Андреа говорит, что теперь моя очередь, кладет деньги на прилавок, и я читаю в его глазах вызов: то, что казалось дружелюбием, очевидно, обернулось поводом для насмешек. Ведь на автодроме я протаранила его, как сделал бы безответно влюбленный человек, страстно желая быть понятым и принятым, теперь моя очередь страдать.

Я беру в руку пистолет, хозяйка тира говорит, сколько у меня выстрелов, и если захочу больше, нужно доплатить, но тогда счет обнуляется. Один круг – один приз.

Я киваю, и народ расходится, никого не интересует, как стреляет и промахивается рыжая девчонка, которую дурно постригла мать, которая донашивает одежду за братом-анархистом; может, я могла бы их повеселить, но даже смех, если я ему причиной, ничего не стоит.

Когда учительница итальянского увидела, как Алессандро входит в класс на костылях, у нее глаза были на мокром месте, она пробормотала, прижав ладонь ко рту:

– Этого не должно было случиться.

Я сжимаю игрушечный пистолет в кулаке, медленно поднимаю ствол, и в ту секунду, когда прицеливаюсь, прикрыв один глаз, по спине не бегут мурашки, сердце не колотится, только хочется прокричать:

– Смотрите, ну же, теперь я тоже в игре!

Я стреляю, и банки падают, слышится позвякивание алюминия, стук пластиковых пулек, я выбиваю пять и останавливаюсь, кладу руку на прилавок. Не знаю, как мне это удалось, я просто почувствовала, как напрягается предплечье, как палец нажимает на курок, глаза находят мишень, как если бы я впервые запела и оказалось, что у меня ангельский голос.

Андреа весь внимание, пытается отпустить шутку про удачу, списать все на попутный ветер, смеется.

Я снова поднимаю пистолет, целюсь в шестую банку и стреляю, сбиваю еще шесть подряд, перезаряжаю оружие. Хозяйка тира, с сальными волосами, в платье цвета розового шиповника, улыбается и что-то говорит на диалекте, которого я не знаю, поэтому даже не пытаюсь понять ее слова.

Кто-то умеет стоять на одной ноге, как фламинго, кто-то – танцевать, попадая в ритм, который задает барабанщик, кто-то складывает и вычитает без листа бумаги и калькулятора, а я умею стрелять, у меня кривые ноги, огромная толстовка и голова, где нет места мыслям о неясном будущем.

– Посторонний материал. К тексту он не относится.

Program Definition rfun : Functor M M :=
  {| fobj := fun X => tens X AA; fmap := fun X Y f => tensm f (idm AA) |}.
Next Obligation. intros. apply t_id. Qed.
Next Obligation. intros. apply t_split_l. Qed.

Definition r_eta (X : M) : hom X (tens X AA) := tensm (idm X) u ∘ runit_inv X.
Definition r_mu (X : M) : hom (tens (tens X AA) AA) (tens X AA) :=
  tensm (idm X) m ∘ assoc X AA AA.

Lemma r_eta_nat (a b : M) (f : hom a b) : fmap rfun f ∘ r_eta a = r_eta b ∘ f.
Proof.
  simpl; unfold r_eta. ra. rewrite ri_nat. merge. reflexivity.
Qed.

Lemma r_mu_nat (a b : M) (f : hom a b) :
  fmap rfun f ∘ r_mu a = r_mu b ∘ fmap rfun (fmap rfun f).
Proof.
  simpl; unfold r_mu. ra. rewrite (assoc_nat L). merge. reflexivity.
Qed.

Lemma r_mu_assoc (X : M) : r_mu X ∘ fmap rfun (r_mu X) = r_mu X ∘ r_mu (rfun X).
Proof.
  simpl; unfold r_mu.
  rewrite t_split_l.
  replace (idm (tens X AA)) with (tensm (idm X) (idm AA)) by apply t_id.
  ra. rewrite !(comp_rew (assoc_nat L _ _ _)).
  ra. rewrite <- (pentagon L). ra.
  merge. rewrite (amul_assoc A). ra. reflexivity.
Qed.

Lemma r_mu_etal (X : M) : r_mu X ∘ r_eta (rfun X) = idm (rfun X).
Proof.
  simpl; unfold r_mu, r_eta.
  replace (idm (tens X AA)) with (tensm (idm X) (idm AA)) by apply t_id.
  ra. rewrite (comp_rew (assoc_nat L _ _ _)).
  assert (H : assoc X AA (munit M) ∘ runit_inv (tens X AA)
              = tensm (idm X) (runit_inv AA)).
  { apply (inv_rel1 (assoc X AA (munit M)) (tensm (idm X) (runit AA)) (runit (tens X AA))).
    - apply (runit_tens L).
    - rewrite t_comp, (runit_invl L), comp_idl. apply t_id.
    - apply (runit_invr L). }
  ra. rewrite H. merge. rewrite (amul_unitr A), (runit_invr L), t_id. reflexivity.
Qed.

Lemma r_mu_etar (X : M) : r_mu X ∘ fmap rfun (r_eta X) = idm (rfun X).
Proof.
  simpl; unfold r_mu, r_eta.
  rewrite t_split_l. ra. rewrite (comp_rew (assoc_nat L _ _ _)).
  assert (H : assoc X (munit M) AA ∘ tensm (runit_inv X) (idm AA)
              = tensm (idm X) (lunit_inv AA)).
  { apply (inv_rel1 (assoc X (munit M) AA) (tensm (idm X) (lunit AA)) (tensm (runit X) (idm AA))).
    - apply (triangle L).
    - rewrite t_comp, (lunit_invl L), comp_idl. apply t_id.
    - rewrite t_comp, (runit_invr L), comp_idl. apply t_id. }
  ra. rewrite H. merge. rewrite (amul_unitl A), (lunit_invr L), t_id. reflexivity.
Qed.

Definition right_monad : Monad M :=
  {| mT := rfun; meta := r_eta; mmu := r_mu; meta_nat := r_eta_nat;
     mmu_nat := r_mu_nat; mmu_assoc := r_mu_assoc; mmu_etal := r_mu_etal;
     mmu_etar := r_mu_etar |}.

Lemma free_lmod_assoc (X : M) :
  l_mu X ∘ tensm m (idm (tens AA X))
  = l_mu X ∘ tensm (idm AA) (l_mu X) ∘ assoc AA AA (tens AA X).
Proof.
  pose proof (l_mu_assoc X) as H. simpl in H. rewrite H.
  change (l_mu (tens AA X)) with (tensm m (idm (tens AA X)) ∘ assoc_inv AA AA (tens AA X)).
  ra. rewrite (assoc_invl L), comp_idr. reflexivity.
Qed.

Lemma free_lmod_unit (X : M) :
  l_mu X ∘ tensm u (idm (tens AA X)) = lunit (tens AA X).
Proof.
  pose proof (l_mu_etal X) as H. simpl in H. unfold l_eta in H.
  rewrite <- (comp_idr (l_mu X ∘ _)), <- (lunit_invl L (tens AA X)), comp_assoc.
  rewrite <- (comp_assoc (l_mu X)), H, comp_idl. reflexivity.
Qed.

Definition free_lmod (X : M) : LModule A :=
  {| lmod := tens AA X; lact := l_mu X; lact_assoc := free_lmod_assoc X;
     lact_unit := free_lmod_unit X |}.

Program Definition free_lmod_hom (X Y : M) (f : hom X Y) :
  lmod_hom A (free_lmod X) (free_lmod Y) := exist _ (tensm (idm AA) f) _.
Next Obligation. intros X Y f; simpl. apply (l_mu_nat _ _ f). Qed.

Program Definition free_lmod_functor : Functor M (LMod A) :=
  {| fobj := free_lmod; fmap := free_lmod_hom |}.
Next Obligation. intros X. apply sig_eq; simpl. apply t_id. Qed.
Next Obligation. intros. apply sig_eq; simpl. apply t_split_r. Qed.

Lemma free_rmod_assoc (X : M) :
  r_mu X ∘ tensm (idm (tens X AA)) m
  = r_mu X ∘ tensm (r_mu X) (idm AA) ∘ assoc_inv (tens X AA) AA AA.
Proof.
  pose proof (r_mu_assoc X) as H. simpl in H. rewrite H.
  change (r_mu (tens X AA)) with (tensm (idm (tens X AA)) m ∘ assoc (tens X AA) AA AA).
  ra. rewrite (assoc_invr L), comp_idr. reflexivity.
Qed.

Lemma free_rmod_unit (X : M) :
  r_mu X ∘ tensm (idm (tens X AA)) u = runit (tens X AA).
Proof.
  pose proof (r_mu_etal X) as H. simpl in H. unfold r_eta in H.
  rewrite <- (comp_idr (r_mu X ∘ _)), <- (runit_invl L (tens X AA)), comp_assoc.
  rewrite <- (comp_assoc (r_mu X)), H, comp_idl. reflexivity.
Qed.

Definition free_rmod (X : M) : RModule A :=
  {| rmod := tens X AA; ract := r_mu X; ract_assoc := free_rmod_assoc X;
     ract_unit := free_rmod_unit X |}.

Program Definition free_rmod_hom (X Y : M) (f : hom X Y) :
  rmod_hom A (free_rmod X) (free_rmod Y) := exist _ (tensm f (idm AA)) _.
Next Obligation. intros X Y f; simpl. apply (r_mu_nat _ _ f). Qed.

Program Definition free_rmod_functor : Functor M (RMod A) :=
  {| fobj := free_rmod; fmap := free_rmod_hom |}.
Next Obligation. intros X. apply sig_eq; simpl. apply t_id. Qed.
Next Obligation. intros. apply sig_eq; simpl. apply t_split_l. Qed.

End AlgebraMonads.

(** * Monadic and essential division algebras *)

Definition several_module_classes {M : MonoidalCategory} (A : Algebra M) : Prop :=
  (exists X Y : LMod A, ~ isomorphic X Y) /\ (exists X Y : RMod A, ~ isomorphic X Y).

Definition left_monadic_division {M : MonoidalCategory} (A : Algebra M) : Prop :=
  several_module_classes A /\ adjunction_trivial (left_monad A).

Definition right_monadic_division {M : MonoidalCategory} (A : Algebra M) : Prop :=
  several_module_classes A /\ adjunction_trivial (right_monad A).

Definition left_essential_division {M : MonoidalCategory} (A : Algebra M) : Prop :=
  several_module_classes A /\ essentially_surjective (free_lmod_functor A).

Definition right_essential_division {M : MonoidalCategory} (A : Algebra M) : Prop :=
  several_module_classes A /\ essentially_surjective (free_rmod_functor A).

From Stdlib Require Import ClassicalEpsilon ProofIrrelevance.

(* The comparison functor from the Kleisli category is always fully faithful,
   so (with choice) it is an equivalence exactly when it is essentially
   surjective.  Left A-modules are literally the Eilenberg–Moore algebras of
   A ⊗ -, and the free Eilenberg–Moore algebra on X is the free module A ⊗ X;
   hence essential surjectivity of the comparison functor is essential
   surjectivity of the free module functor.  The right-hand case is the mirror
   image. *)

Definition fully_faithful {C D : Category} (F : Functor C D) : Prop :=
  forall a b : C, exists pre : hom (F a) (F b) -> hom a b,
    (forall f, fmap F (pre f) = f) /\ (forall g, pre (fmap F g) = g).

Section FullyFaithfulEssentiallySurjective.
Context {C D : Category} (F : Functor C D).
Variable pre : forall a b : C, hom (F a) (F b) -> hom a b.
Hypothesis fmap_pre : forall a b f, fmap F (pre a b f) = f.
Hypothesis pre_fmap : forall a b g, pre a b (fmap F g) = g.
Variable preimage : D -> C.
Variables (phi : forall d, hom (F (preimage d)) d) (psi : forall d, hom d (F (preimage d))).
Hypothesis psi_phi : forall d, psi d ∘ phi d = idm _.
Hypothesis phi_psi : forall d, phi d ∘ psi d = idm _.

Lemma pre_comp (a b c : C) (g : hom (F b) (F c)) (f : hom (F a) (F b)) :
  pre _ _ (g ∘ f) = pre _ _ g ∘ pre _ _ f.
Proof. rewrite <- (fmap_pre _ _ g), <- (fmap_pre _ _ f), <- fmap_comp, !pre_fmap. reflexivity. Qed.

Lemma pre_id (a : C) : pre a a (idm _) = idm a.
Proof. rewrite <- fmap_id. apply pre_fmap. Qed.

Program Definition quasi_inverse : Functor D C :=
  {| fobj := preimage; fmap := fun d e g => pre _ _ (psi e ∘ g ∘ phi d) |}.
Next Obligation. rewrite comp_idr, psi_phi. apply pre_id. Qed.
Next Obligation.
  rewrite <- pre_comp. f_equal.
  rewrite !comp_assoc, <- (comp_assoc _ (phi _) (psi _)), phi_psi, comp_idr.
  reflexivity.
Qed.

Lemma is_equivalence_of_quasi_inverse : is_equivalence F.
Proof.
  exists quasi_inverse. split.
  - exists (fun a => pre _ _ (phi (F a))). split.
    + intros a b f; simpl. rewrite <- (pre_fmap _ _ f) at 1. rewrite <- !pre_comp.
      f_equal. rewrite !comp_assoc, phi_psi, comp_idl. reflexivity.
    + intros a. exists (pre _ _ (psi (F a))).
      rewrite <- !pre_comp, psi_phi, phi_psi, !pre_id. split; reflexivity.
  - exists phi. split.
    + intros d e g; simpl. rewrite fmap_pre, !comp_assoc, phi_psi, comp_idl. reflexivity.
    + intros d. exists (psi d). split; auto.
Qed.

End FullyFaithfulEssentiallySurjective.

Lemma is_equivalence_of_fully_faithful {C D : Category} (F : Functor C D) :
  fully_faithful F -> essentially_surjective F -> is_equivalence F.
Proof.
  intros FF ES.
  assert (pick_pre : forall a b, {pre : hom (F a) (F b) -> hom a b |
            (forall f, fmap F (pre f) = f) /\ (forall g, pre (fmap F g) = g)})
    by (intros a b; apply constructive_indefinite_description, FF).
  assert (pick_iso : forall d, {c : C & {p : hom (F c) d * hom d (F c) |
            snd p ∘ fst p = idm _ /\ fst p ∘ snd p = idm _}}).
  { intros d. destruct (constructive_indefinite_description _ (ES d)) as [c Hc].
    exists c. apply constructive_indefinite_description.
    destruct Hc as [f [g [Hgf Hfg]]]. exists (f, g). auto. }
  apply (is_equivalence_of_quasi_inverse F (fun a b => proj1_sig (pick_pre a b))
           (fun a b => proj1 (proj2_sig (pick_pre a b)))
           (fun a b => proj2 (proj2_sig (pick_pre a b)))
           (fun d => projT1 (pick_iso d))
           (fun d => fst (proj1_sig (projT2 (pick_iso d))))
           (fun d => snd (proj1_sig (projT2 (pick_iso d))))).
  - intros d. exact (proj1 (proj2_sig (projT2 (pick_iso d)))).
  - intros d. exact (proj2 (proj2_sig (projT2 (pick_iso d)))).
Qed.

Одна лишь возможность сражаться за приз, получить его, для меня важна, может, другим все равно, но я хочу иметь много вещей, мне нужна куча обуви, куча помад, резинок для волос; этот громадный розовый медведь с круглыми ушами и таким же носом – достойная добыча, настоящее достижение.

Я снова поднимаю пистолет, внимательно смотрю на банки – одна, две, три, дальше; в детстве я никогда не каталась на карусели с лошадками, но мечтала наряжаться как принцесса, носить корону, крепко держать в руке скипетр, но за карусель надо платить, за короны надо платить, за хрустальные туфельки надо платить.

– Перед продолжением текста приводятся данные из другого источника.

Lemma sum_f_R0_shift (h : nat -> R) (a p : nat) :
  sum_f_R0 (fun i => if Nat.leb a i then h i else 0) p =
  if Nat.leb a p then sum_f_R0 (fun i => h (a + i)%nat) (p - a) else 0.
Proof.
  induction p as [|p IH]; cbn [sum_f_R0].
  - destruct a; reflexivity.
  - rewrite IH. destruct (Nat.leb_spec a p), (Nat.leb_spec a (S p)); try lia.
    + replace (S p - a)%nat with (S (p - a)) by lia. cbn [sum_f_R0].
      now replace (a + S (p - a))%nat with (S p) by lia.
    + replace a with (S p) by lia. rewrite Nat.sub_diag. cbn [sum_f_R0]. rewrite Nat.add_0_r. ring.
    + ring.
Qed.

Lemma smul_saddl (s t u : series) : smul (sadd s t) u = sadd (smul s u) (smul t u).
Proof.
  extensionality p; extensionality q. unfold smul, sadd.
  rewrite <- sum_plus. apply sum_eq; intros i _.
  rewrite <- sum_plus. apply sum_eq; intros j _. ring.
Qed.

Lemma smul_saddr (s t u : series) : smul u (sadd s t) = sadd (smul u s) (smul u t).
Proof.
  extensionality p; extensionality q. unfold smul, sadd.
  rewrite <- sum_plus. apply sum_eq; intros i _.
  rewrite <- sum_plus. apply sum_eq; intros j _. ring.
Qed.

Lemma smul_sscall (c : R) (s u : series) : smul (sscal c s) u = sscal c (smul s u).
Proof.
  extensionality p; extensionality q. unfold smul, sscal; cbv beta.
  rewrite scal_sum. apply sum_eq; intros i _.
  rewrite Rmult_comm, scal_sum. apply sum_eq; intros j _. ring.
Qed.

Lemma smul_sscalr (c : R) (s u : series) : smul u (sscal c s) = sscal c (smul u s).
Proof.
  extensionality p; extensionality q. unfold smul, sscal; cbv beta.
  rewrite scal_sum. apply sum_eq; intros i _.
  rewrite Rmult_comm, scal_sum. apply sum_eq; intros j _. ring.
Qed.

Lemma smul_monoE (a b : nat) (s : series) (p q : nat) :
  smul (mono a b) s p q =
  if (Nat.leb a p && Nat.leb b q)%bool then s (p - a)%nat (q - b)%nat else 0.
Proof.
  unfold smul, mono.
  rewrite (sum_eq _ (fun i => if Nat.eqb i a then
     sum_f_R0 (fun j => if Nat.eqb j b then s (p - i)%nat (q - j)%nat else 0) q else 0)).
  - rewrite !sum_f_R0_delta. now destruct (Nat.leb a p).
  - intros i _. destruct (Nat.eqb i a); simpl.
    + apply sum_eq; intros j _. destruct (Nat.eqb j b); ring.
    + transitivity (sum_f_R0 (fun _ => 0) q); [apply sum_eq; intros; ring | apply sum_f_R0_zero].
Qed.

Lemma smul_mono_mono (a b c d : nat) : smul (mono a b) (mono c d) = mono (a + c) (b + d).
Proof.
  extensionality p; extensionality q. rewrite smul_monoE. unfold mono.
  destruct (Nat.leb_spec a p), (Nat.leb_spec b q); simpl;
  destruct (Nat.eqb_spec (p - a) c), (Nat.eqb_spec (q - b) d),
    (Nat.eqb_spec p (a + c)), (Nat.eqb_spec q (b + d)); simpl; reflexivity || lia.
Qed.

Lemma smul_mono_assoc (a b : nat) (s t : series) :
  smul (mono a b) (smul s t) = smul (smul (mono a b) s) t.
Proof.
  extensionality p; extensionality q. rewrite smul_monoE. symmetry. unfold smul at 1.
  rewrite (sum_eq _ (fun i => if Nat.leb a i then
     sum_f_R0 (fun j => if Nat.leb b j then
        s (i - a)%nat (j - b)%nat * t (p - i)%nat (q - j)%nat else 0) q else 0)).
  - rewrite sum_f_R0_shift. destruct (Nat.leb_spec a p); [|reflexivity].
    rewrite (sum_eq _ (fun i => if Nat.leb b q then
       sum_f_R0 (fun j => s i j * t (p - a - i)%nat (q - b - j)%nat) (q - b) else 0)).
    + destruct (Nat.leb b q); [reflexivity | apply sum_f_R0_zero].
    + intros i _. rewrite sum_f_R0_shift. destruct (Nat.leb b q); [|reflexivity].
      apply sum_eq; intros j _. do 2 f_equal; lia.
  - intros i _. destruct (Nat.leb a i) eqn:Hai.
    + apply sum_eq; intros j _. rewrite smul_monoE, Hai. destruct (Nat.leb b j); simpl; ring.
    + transitivity (sum_f_R0 (fun _ => 0) q); [|apply sum_f_R0_zero].
      apply sum_eq; intros j _. rewrite smul_monoE, Hai. simpl; ring.
Qed.

(* After the min/max branches are fixed, every exponent of [mono] is affine in two
   nat variables [A], [k]; [affine_form] reads off its coefficients by evaluating at
   (0,0), (1,0), (0,1).  Rewriting all exponents to [c + a * A + b * k] lets [ring]
   identify equal monomials; the alias [mono_nf] stops the rewrite from looping. *)
Definition mono_nf := mono.

Lemma mono_nf_eq (e f e' f' : nat) : e = e' -> f = f' -> mono e f = mono_nf e' f'.
Proof. now intros -> ->. Qed.

Ltac affine_form A k e :=
  let g := eval pattern A, k in e in
  match g with ?h _ _ =>
    let c := eval vm_compute in (h 0 0)%nat in
    let a := eval vm_compute in (h 1 0 - h 0 0)%nat in
    let b := eval vm_compute in (h 0 1 - h 0 0)%nat in
    constr:((c + a * A + b * k)%nat) end.

Ltac normalize_monos A k :=
  repeat match goal with |- context [mono ?e ?f] =>
    let e' := affine_form A k e in let f' := affine_form A k f in
    rewrite (mono_nf_eq e f e' f') by lia end.

Ltac resolve_minmax :=
  repeat match goal with
  | |- context [Nat.min ?x ?y] =>
      (rewrite (Nat.min_l x y) by lia) || (rewrite (Nat.min_r x y) by lia)
  | |- context [Nat.max ?x ?y] =>
      (rewrite (Nat.max_l x y) by lia) || (rewrite (Nat.max_r x y) by lia)
  end.

Ltac ftilde_identity A k :=
  unfold ftilde, Defs.one, x1, x2; cbv zeta;
  repeat rewrite ?smul_saddl, ?smul_saddr, ?smul_sscall, ?smul_sscalr, ?smul_mono_mono;
  resolve_minmax; extensionality p; extensionality q;
  unfold sadd, sscal; normalize_monos A k; ring.

Lemma ftilde_jump_A1 (n a2 a3 b1 b2 b3 : nat) (F : Z) :
  (1 <= n)%nat -> a2 = Z.to_nat F -> a3 = Z.to_nat (F + Z.of_nat n) ->
  b1 = Z.to_nat (- Z.of_nat n) -> b2 = Z.to_nat (F + Z.of_nat n) -> b3 = Z.to_nat F ->
  sadd (ftilde n a2 a3) (sscal (-1) (ftilde (n - 1) a2 a3)) =
  sscal 2 (smul (mono n 0) (ftilde b1 b2 b3)).
Proof.
  intros Hn H2 H3 -> -> ->. rewrite <- H2, <- H3. replace (Z.to_nat (- Z.of_nat n)) with 0%nat by lia.
  destruct n as [|k]; [lia|]. replace (S k - 1)%nat with k by lia.
  destruct (Z_le_gt_dec 0 F).
  - replace a3 with (a2 + S k)%nat by lia. clear H2 H3. ftilde_identity a2 k.
  - replace a2 with 0%nat by lia. assert (a3 <= k)%nat by lia. clear H2 H3.
    ftilde_identity a3 k.
Qed.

Остается последний выстрел, я чувствую, как за спиной собирается толпа, я притягиваю незаслуженное, нездоровое внимание, люди шепчутся: она совсем ребенок, у нее и мышц на руках нет, у нее денег даже на новые трусы не хватит.

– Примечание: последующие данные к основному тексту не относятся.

Lemma parallel_tangent_exists (a B c : R) (p q P Q : R -> R) :
  a < B -> 0 < c -> c * exp 1 < 1 ->
  (forall t, a <= t <= B -> continuity_pt p t) ->
  (forall t, a <= t <= B -> continuity_pt q t) ->
  (forall t, a <= t <= B -> continuity_pt P t) ->
  (forall t, a <= t <= B -> continuity_pt Q t) ->
  (forall t, a < t < B -> is_derive p t (P t)) ->
  (forall t, a < t < B -> is_derive q t (Q t)) ->
  (forall t, a <= t <= B -> 0 < P t) ->
  p a = 0 -> q a = 0 -> Q a = 0 ->
  exists t xi, a < t < B /\ a < xi <= t /\ c * p t < p xi /\ Q xi * p t = q t * P xi.
Proof.
  intros HaB Hc Hce Hpc Hqc HPc HQc Hpd Hqd HP Hpa Hqa HQa.
  apply NNPP; intros Hnone.
  assert (Hno : forall t xi, a < t < B -> a < xi <= t -> c * p t < p xi ->
                  Q xi * p t <> q t * P xi) by (intros t xi ? ? ? ?; apply Hnone; eauto 10).
  destruct (Rlt_or_le 0 (Q ((a + B) / 2) / P ((a + B) / 2) - q ((a + B) / 2) / p ((a + B) / 2)))
    as [Hpos|Hnonpos].
  - exact (positive_gap_absurd a B c p q P Q HaB Hc Hce Hpc Hqc HPc HQc Hpd Hqd HP Hpa Hqa HQa Hno Hpos).
  - (* Reflecting [q] reduces a negative gap to a positive one. *)
    assert (Hneq : Q ((a + B) / 2) / P ((a + B) / 2) - q ((a + B) / 2) / p ((a + B) / 2) <> 0)
      by (apply (gap_neq0 a B c p q P Q); auto; lra).
    apply (positive_gap_absurd a B c p (fun t => - q t) P (fun t => - Q t)); auto.
    + intros; apply continuity_pt_opp; auto.
    + intros; apply continuity_pt_opp; auto.
    + intros; apply (is_derive_opp (V:=R_NormedModule)); auto.
    + rewrite Hqa; ring.
    + rewrite HQa; ring.
    + intros t xi ? ? ? Heq. apply (Hno t xi); auto. lra.
    + unfold Rdiv in *. lra.
Qed.

Lemma continuity_pt_lin_comb f g u v s : continuity_pt f s -> continuity_pt g s ->
  continuity_pt (fun s => u * f s + v * g s) s.
Proof.
  intros. apply continuity_pt_plus; apply continuity_pt_mult; auto;
    apply continuity_pt_cst.
Qed.

Lemma is_derive_lin_comb f g u v s df dg : is_derive f s df -> is_derive g s dg ->
  is_derive (fun s => u * f s + v * g s) s (u * df + v * dg).
Proof. intros. apply (is_derive_plus (V:=R_NormedModule)); apply is_derive_scal; auto. Qed.

Definition clamp (a b s : R) : R := Rmax a (Rmin b s).

Lemma clamp_in a b s : a <= b -> a <= clamp a b s <= b.
Proof. intros. unfold clamp, Rmax, Rmin; repeat destruct Rle_dec; lra. Qed.

Lemma clamp_id a b s : a <= s <= b -> clamp a b s = s.
Proof. intros. unfold clamp, Rmax, Rmin; repeat destruct Rle_dec; lra. Qed.

Lemma clamp_lipschitz a b z s : a <= b -> Rabs (clamp a b z - clamp a b s) <= Rabs (z - s).
Proof.
  intros. unfold clamp, Rmax, Rmin; repeat destruct Rle_dec;
    unfold Rabs; repeat destruct Rcase_abs; lra.
Qed.

Lemma cont_on_eps a b g t : cont_on a b g t -> forall e, 0 < e ->
  exists d, 0 < d /\ forall y, in_Icc a b y -> Rabs (y - t) < d -> Rabs (g y - g t) < e.
Proof.
  intros H e He. destruct (proj1 (filterlim_locally _ _) H (mkposreal e He)) as [d Hd].
  exists d; split; [apply cond_pos|]. intros y Hy Hyd. now apply Hd.
Qed.

Lemma has_deriv_on_eps a b f t df : has_deriv_on a b f t df -> forall e, 0 < e ->
  exists d, 0 < d /\ forall y, in_Icc a b y -> y <> t -> Rabs (y - t) < d ->
    Rabs ((f y - f t) / (y - t) - df) < e.
Proof.
  intros H e He. destruct (proj1 (filterlim_locally _ _) H (mkposreal e He)) as [d Hd].
  exists d; split; [apply cond_pos|]. intros y Hy Hne Hyd. now apply Hd.
Qed.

Я буду бегуном, упавшим в двух шагах от конца дистанции, тем, кто останется вторым на фотофинише, лошадью, запнувшейся на последнем повороте, сброшенным жокеем, футболистом, запоровшим пенальти, утешительным призом. Проиграть можно из-за мелочи, проигрывают из-за волнения, из-за невнимательности – это человеческий фактор.

Я стреляю в последний раз, банка из-под «Колы» покачивается, и я понимаю, что никакого обмана нет: все мишени сбиты. Кладу пистолет на прилавок.

Подруги визжат, теперь они наконец-то считают, что дружат с воительницей, а не с уродиной, которую можно бросить у автодрома, которую в школе зовут Ушастой, которая носит вырвиглазные футболки с блошиного рынка. Но я не могу порадоваться, часть меня еще стоит там, застыв на месте, и стреляет.